C/2018 N2 (ASASSN) is the second of two comets discovered by the All Sky Automated Survey for SuperNovae after C/2017 O1. It is a hyperbolic comet that reached perihelion in November 2019, and as a result, it may never return to the inner Solar System.

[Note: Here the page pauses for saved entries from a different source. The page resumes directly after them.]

Theorem corollary4p4 (Mm Km Phi : mat2) (wm wp M3 N3 r delta : R) :
  (* M symmetric positive definite, K diagonal positive definite *)
  symmetric2 Mm -> posdef2 Mm -> diagonal2 Km -> posdef2 Km ->
  (* omega_-^2 < omega_+^2 are the eigenvalues of M^{-1} K, 0 < omega_- < omega_+ *)
  0 < wm -> wm < wp ->
  (forall lam, eigenvalue2 (mmul (inv2 Mm) Km) lam <-> lam = wm ^ 2 \/ lam = wp ^ 2) ->
  (* Phi^T M Phi = I, Phi^T K Phi = diag(omega_-^2, omega_+^2) *)
  meq (mmul (mtr Phi) (mmul Mm Phi)) (mdiag 1 1) ->
  meq (mmul (mtr Phi) (mmul Km Phi)) (mdiag (wm ^ 2) (wp ^ 2)) ->
  wp <> 3 * wm ->
  0 < r -> 0 < delta < 1 ->
  r ^ 2 * qstar (Sc Phi wm wp M3 N3) <= 1 - delta ->
  (forall z1 z2 : C, cnorm2 z1 z2 <= r ->
     gradnorm (Sc Phi wm wp M3 N3) z1 z2 <= (1 - delta) * r) /\
  (forall z1 z2 : C, cnorm2 z1 z2 <= delta * r ->
     exists g1 g2 : R -> C,
       flow_sol (Sc Phi wm wp M3 N3) z1 z2 g1 g2 /\
       (forall h1 h2 : R -> C, flow_sol (Sc Phi wm wp M3 N3) z1 z2 h1 h2 ->
          h1 1 = g1 1 /\ h2 1 = g2 1) /\
       cnorm2 (g1 1) (g2 1) <= r /\
       cnorm2 (g1 1 - z1)%C (g2 1 - z2)%C <= r ^ 3 * qstar (Sc Phi wm wp M3 N3) /\
       Cmod (Hfun Phi wm wp M3 N3 (g1 1) (g2 1) - Nfun wm wp z1 z2
             - qeval (H4bar Phi wm wp M3 N3) z1 z2)%C
         <= (qnorm1 (Sc Phi wm wp M3 N3)
               * (2 * qnorm1 (H4bar Phi wm wp M3 N3) + qnorm1 (Ghat Phi wm wp M3 N3))
             + qnorm2 (Sc Phi wm wp M3 N3)
               * (2 * qnorm2 (H4bar Phi wm wp M3 N3) + qnorm2 (Ghat Phi wm wp M3 N3)))
            * r ^ 6).
Proof.
  (* The matrix hypotheses only give [wm], [wp] and [Phi] their meaning; the estimates use
     nothing but [0 < wm < wp]. *)
  intros _ _ _ _ Hwm Hwmp _ _ _ Hnonres Hr Hdelta Hstar.
  set (S := Sc Phi wm wp M3 N3) in *. set (K := r ^ 3 * qstar S).
  assert (HK : 0 <= K).
  { apply Rmult_le_pos; [apply pow_le; lra|exact (Rle_trans _ _ _ (qnorm1_ge0 S) (Rmax_l _ _))]. }
  assert (HKr : K <= (1 - delta) * r) by (unfold K; simpl; nra).
  split.
  { intros z1 z2 Hz. pose proof (gradnorm_le S z1 z2 r Hz (qmod_sym_Sc _ _ _ _ _)).
    unfold K in HKr. lra. }
  intros z1 z2 Hz.
  assert (Hball : cnorm2 z1 z2 + K <= r) by nra.
  assert (HFK : forall w1 w2, cnorm2 w1 w2 <= r -> cnorm2 (ham1 S w1 w2) (ham2 S w1 w2) <= K).
  { intros w1 w2 Hw. unfold K. rewrite Rmult_comm.
    exact (cnorm2_ham_le S w1 w2 r (qmod_sym_Sc _ _ _ _ _) Hw). }
  destruct (ode_exists _ _ (loc_lipschitz_ham1 S) (loc_lipschitz_ham2 S) z1 z2 r K HK Hball HFK)
    as (g1 & g2 & E1 & E2 & Hd & Hnear).
  assert (Hin : forall t, 0 <= t <= 1 -> cnorm2 (g1 t) (g2 t) <= r)
    by (intros t Ht; exact (in_ball_of_near z1 z2 r K HK Hball _ _ t Ht (Hnear t Ht))).
  assert (Hsol : ode_sol (ham1 S) (ham2 S) z1 z2 g1 g2)
    by exact (ode_sol_of_derive _ _ _ _ _ _ E1 E2 Hd).
  exists g1, g2. split; [exact Hsol|]. split.
  { intros h1 h2 Hh. exact (ode_sol_unique _ _ (loc_lipschitz_ham1 S) (loc_lipschitz_ham2 S)
                              _ _ _ _ _ _ Hsol Hh 1 ltac:(lra)). }
  split; [apply Hin; lra|]. split; [rewrite <- (Rmult_1_r K); apply Hnear; lra|].
  exact (Cmod_remainder_le Phi wm wp M3 N3 Hwm Hwmp Hnonres z1 z2 g1 g2 r E1 E2 Hd Hin).
Qed.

== Discovery and observation ==
The comet was first spotted as a magnitude 16.4 object by the ASAS-SN survey from images taken at the Cerro Tololo Observatory's 14-cm "Cassius" telescope between 7–11 July 2018. It made its closest approach to Earth on 19 October 2019 at a distance of 205 e6mi before reaching perihelion on 11 November 2019. Although it did not go closer than 3.12 AU from the Sun at perihelion, observations of the comet did show some significant signs of activity, including a dust tail forming around July 2019. It was last observed as a magnitude 20+ object on 28 May 2022.